Source material section start

(* Let $n\ge 1$ be an integer and $p\in\mathbb{R}$ with $p\neq 1$. Let $w$ be the fundamental solution of the $p$-Laplace equation in $\mathbb{R}^n$, i.e. \[w(x)=-c_{n,p}\tfrac{p-1}{p-n}|x|^{\frac{p-n}{p-1}}\ \text{ if } p\neq n,\qquad w(x)=-c_{n,n}\ln|x|\ \text{ if } p=n,\] where $c_{n,p}>0$ is a constant. Let $N\ge1$, $a_1,\dots,a_N>0$, $y_1,\dots,y_N\in\mathbb{R}^n$, and $V(x):=\sum_{i=1}^N a_i w(x-y_i)$. Then, at all points $x\in\mathbb{R}^n\setminus\{y_1,\dots,y_N\}$ where $\nabla V(x)\neq 0$ (so that $\Delta_pV(x)$ is defined), $\Delta_p V(x)$ has one and the same sign, namely: if $n=1$ or $p=2$ or $p+n=2$, then $\Delta_pV=0$; otherwise, $\Delta_pV\le 0$ at all such points when $\frac{(p-2)(p+n-2)}{p-1}>0$, and $\Delta_pV\ge 0$ at all such points when $\frac{(p-2)(p+n-2)}{p-1}<0$.
   Context: For a function $u$ that is $C^2$ near $x$ with $\nabla u(x)\neq0$, the $p$-Laplacian is $\Delta_p u=\operatorname{div}(|\nabla u|^{p-2}\nabla u)=|\nabla u|^{p-2}\Big((p-2)\frac{\nabla u\,(\mathcal{H}u)\,\nabla u^T}{|\nabla u|^2}+\Delta u\Big)$, where $\mathcal{H}u$ is the Hessian matrix of $u$ and $\nabla u$ is a row vector. *)

From HB Require Import structures.
From mathcomp Require Import all_boot all_order all_algebra.
From mathcomp Require Import all_classical all_reals all_analysis.
Set Implicit Arguments. Unset Strict Implicit. Unset Printing Implicit Defensive.
Import Order.TTheory GRing.Theory Num.Theory.
Import numFieldNormedType.Exports.
Local Open Scope ring_scope.

Definition enorm (R : realType) (n : nat) (x : 'rV[R]_n) : R :=
  Num.sqrt (\sum_(i < n) x ord0 i ^+ 2).

Definition evec (R : realType) (n : nat) (i : 'I_n) : 'rV[R]_n := delta_mx ord0 i.

Definition grad (R : realType) (n : nat) (f : 'rV[R]_n -> R) (x : 'rV[R]_n) : 'rV[R]_n :=
  \row_(i < n) ('D_(evec R i) f x).

Definition hessian (R : realType) (n : nat) (f : 'rV[R]_n -> R) (x : 'rV[R]_n) : 'M[R]_n :=
  \matrix_(i < n, j < n) ('D_(evec R j) (fun z => 'D_(evec R i) f z) x).

Definition laplacian (R : realType) (n : nat) (f : 'rV[R]_n -> R) (x : 'rV[R]_n) : R :=
  \tr (hessian f x).

(* p-Laplacian at a point where the gradient is nonzero:
   |Du|^(p-2) ((p-2) Du Hu Du^T / |Du|^2 + Delta u) *)
Definition plaplacian (R : realType) (n : nat) (p : R) (f : 'rV[R]_n -> R) (x : 'rV[R]_n) : R :=
  let g := grad f x in
  (enorm g) `^ (p - 2) *
    ((p - 2) * ((g *m hessian f x *m g^T) ord0 ord0) / (enorm g) ^+ 2 + laplacian f x).

Definition fundsol (R : realType) (n : nat) (p c : R) (x : 'rV[R]_n) : R :=
  if p == n%:R then - c * ln (enorm x)
  else - c * ((p - 1) / (p - n%:R)) * (enorm x) `^ ((p - n%:R) / (p - 1)).

Definition Vpot (R : realType) (n N : nat) (p c : R) (a : 'I_N -> R) (y : 'I_N -> 'rV[R]_n)
  (x : 'rV[R]_n) : R :=
  \sum_(i < N) a i * @fundsol R n p c (x - y i).

From HB Require Import structures.
From mathcomp Require Import all_boot all_order all_algebra.
From mathcomp Require Import all_classical all_reals all_analysis.
From mathcomp Require Import ring lra.
Import Order.TTheory GRing.Theory Num.Theory.
Import numFieldNormedType.Exports.
Local Open Scope ring_scope.
Set Implicit Arguments. Unset Strict Implicit.

(* Write the fundamental solution as [w x = F (|x|^2)].  With [u_l = x - y_l] and
   [Q_l = |u_l|^2], the Hessian of [V] is [sum_l a_l (2 F'(Q_l) I + 4 F''(Q_l) u_l^T u_l)],
   and the profile satisfies [F''(t) = e F'(t) / t] with [e = -(p+n-2) / (2(p-1))].
   Substituting into the p-Laplacian with any nonzero vector [g] in place of the
   gradient gives
     [|g|^(p-2) k sum_l 2 a_l F'(Q_l) (Q_l |g|^2 - (g.u_l)^2) / (Q_l |g|^2)],
   [k = (p-2)(p+n-2)/(p-1)].  As [F' < 0], each summand is nonpositive by
   Cauchy-Schwarz, and it vanishes when [n = 1]. *)

Section DirectionalDerivative.
Variables (R : realType) (V : normedModType R).

Lemma derive_alongE (f : V -> R) x v :
  'D_v f x = 'D_1 (fun h : R => f (h *: v + x)) 0.
Proof.
rewrite /derive; set g1 := fun h => h^-1 *: _; set g2 := fun h => h^-1 *: _.
suff -> : g1 = g2 by [].
by rewrite funeqE /g1 /g2 => h /=; rewrite addr0 scale0r add0r [_%:A]mulr1.
Qed.

Lemma is_derive_alongP (f : V -> R) x v df :
  is_derive x v f df <-> is_derive (0 : R) 1 (fun h : R => f (h *: v + x)) df.
Proof.
split=> -[fxv <-]; split; rewrite ?derive_alongE //.
- exact/(derivable1P f x v).
- exact/(derivable1P f x v).
Qed.

Lemma is_derive_comp_real (F : R -> R) (q : V -> R) x v dF dq :
  is_derive x v q dq -> is_derive (q x) 1 F dF -> is_derive x v (F \o q) (dF * dq).
Proof.
move=> /is_derive_alongP dq_line dF_qx; apply/is_derive_alongP.
apply: (is_derive1_comp (g := fun h : R => q (h *: v + x))) => //.
by rewrite scale0r add0r.
Qed.

Lemma is_derive_mull (f : V -> R) k x v df :
  is_derive x v f df -> is_derive x v (fun z => k * f z) (k * df).
Proof. exact: is_deriveZ. Qed.

Lemma is_derive_sum_fun n (h : 'I_n -> V -> R) x v (dh : 'I_n -> R) :
  (forall i, is_derive x v (h i) (dh i)) ->
  is_derive x v (fun z => \sum_(i < n) h i z) (\sum_(i < n) dh i).
Proof.
move=> dh_h; have := is_derive_sum dh_h.
by rewrite (_ : \sum_(i < n) h i = (fun z => \sum_(i < n) h i z)) // funeqE => z;
  rewrite fct_sumE.
Qed.

End DirectionalDerivative.

Section DotProduct.
Variables (R : comRingType) (n : nat).
Implicit Types u v w : 'rV[R]_n.

Definition dotr u v : R := \sum_(k < n) u ord0 k * v ord0 k.

Lemma dotrC u v : dotr u v = dotr v u.
Proof. by apply: eq_bigr => k _; rewrite mulrC. Qed.

Lemma dotr_mulmx u v : (u *m v^T) ord0 ord0 = dotr u v.
Proof. by rewrite mxE; apply: eq_bigr => k _; rewrite mxE. Qed.

Lemma dotr_scaleDl a u v w : dotr (a *: u + v) w = a * dotr u w + dotr v w.
Proof.
rewrite /dotr mulr_sumr -big_split; apply: eq_bigr => k _.
by rewrite !mxE mulrDl mulrA.
Qed.

End DotProduct.

Section RealDotProduct.
Variables (R : realType) (n : nat).
Implicit Types u v w y z : 'rV[R]_n.

Lemma dotr_evecr u i : dotr u (evec R i) = u ord0 i.
Proof.
rewrite /dotr (bigD1 i) //= big1 => [|k ki]; first by rewrite mxE !eqxx mulr1 addr0.
by rewrite mxE eqxx (negbTE ki) mulr0.
Qed.

Lemma dotr_evec (i j : 'I_n) : dotr (evec R i) (evec R j) = (i == j)%:R.
Proof. by rewrite dotr_evecr mxE eqxx eq_sym. Qed.

Lemma dotrr_ge0 u : 0 <= dotr u u.
Proof. by apply: sumr_ge0 => k _; rewrite -expr2 sqr_ge0. Qed.

Lemma dotrr_gt0 u : u != 0 -> 0 < dotr u u.
Proof.
move=> u0; rewrite lt_neqAle dotrr_ge0 andbT eq_sym; apply: contra u0 => /eqP uu0.
apply/eqP/matrixP => i j; rewrite (ord1 i) mxE.
have sq0 : \sum_(k < n) u ord0 k ^+ 2 = 0.
  by rewrite -[RHS]uu0; apply: eq_bigr => k _; rewrite expr2.
have /eqP := @psumr_eq0P _ _ predT _ (fun k _ => sqr_ge0 (u ord0 k)) sq0 j isT.
by rewrite sqrf_eq0 => /eqP.
Qed.

Lemma enormE u : enorm u = Num.sqrt (dotr u u).
Proof. by congr Num.sqrt; apply: eq_bigr => k _; rewrite expr2. Qed.

Lemma is_derive_dotrBl y w z v :
  is_derive z v (fun x => dotr (x - y) w) (dotr v w).
Proof.
apply/is_derive_alongP.
have -> : (fun h : R => dotr (h *: v + z - y) w) = (fun h => h * dotr v w + dotr (z - y) w).
  by rewrite funeqE => h; rewrite -addrA dotr_scaleDl.
by apply: is_derive_eq; rewrite scaler0 add0r addr0 [_%:A]mulr1.
Qed.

Source material section end

■ Task description:
Going through the data, count each line where the word "Variables" appears, and state only the total.

■ Answer for this exercise:
3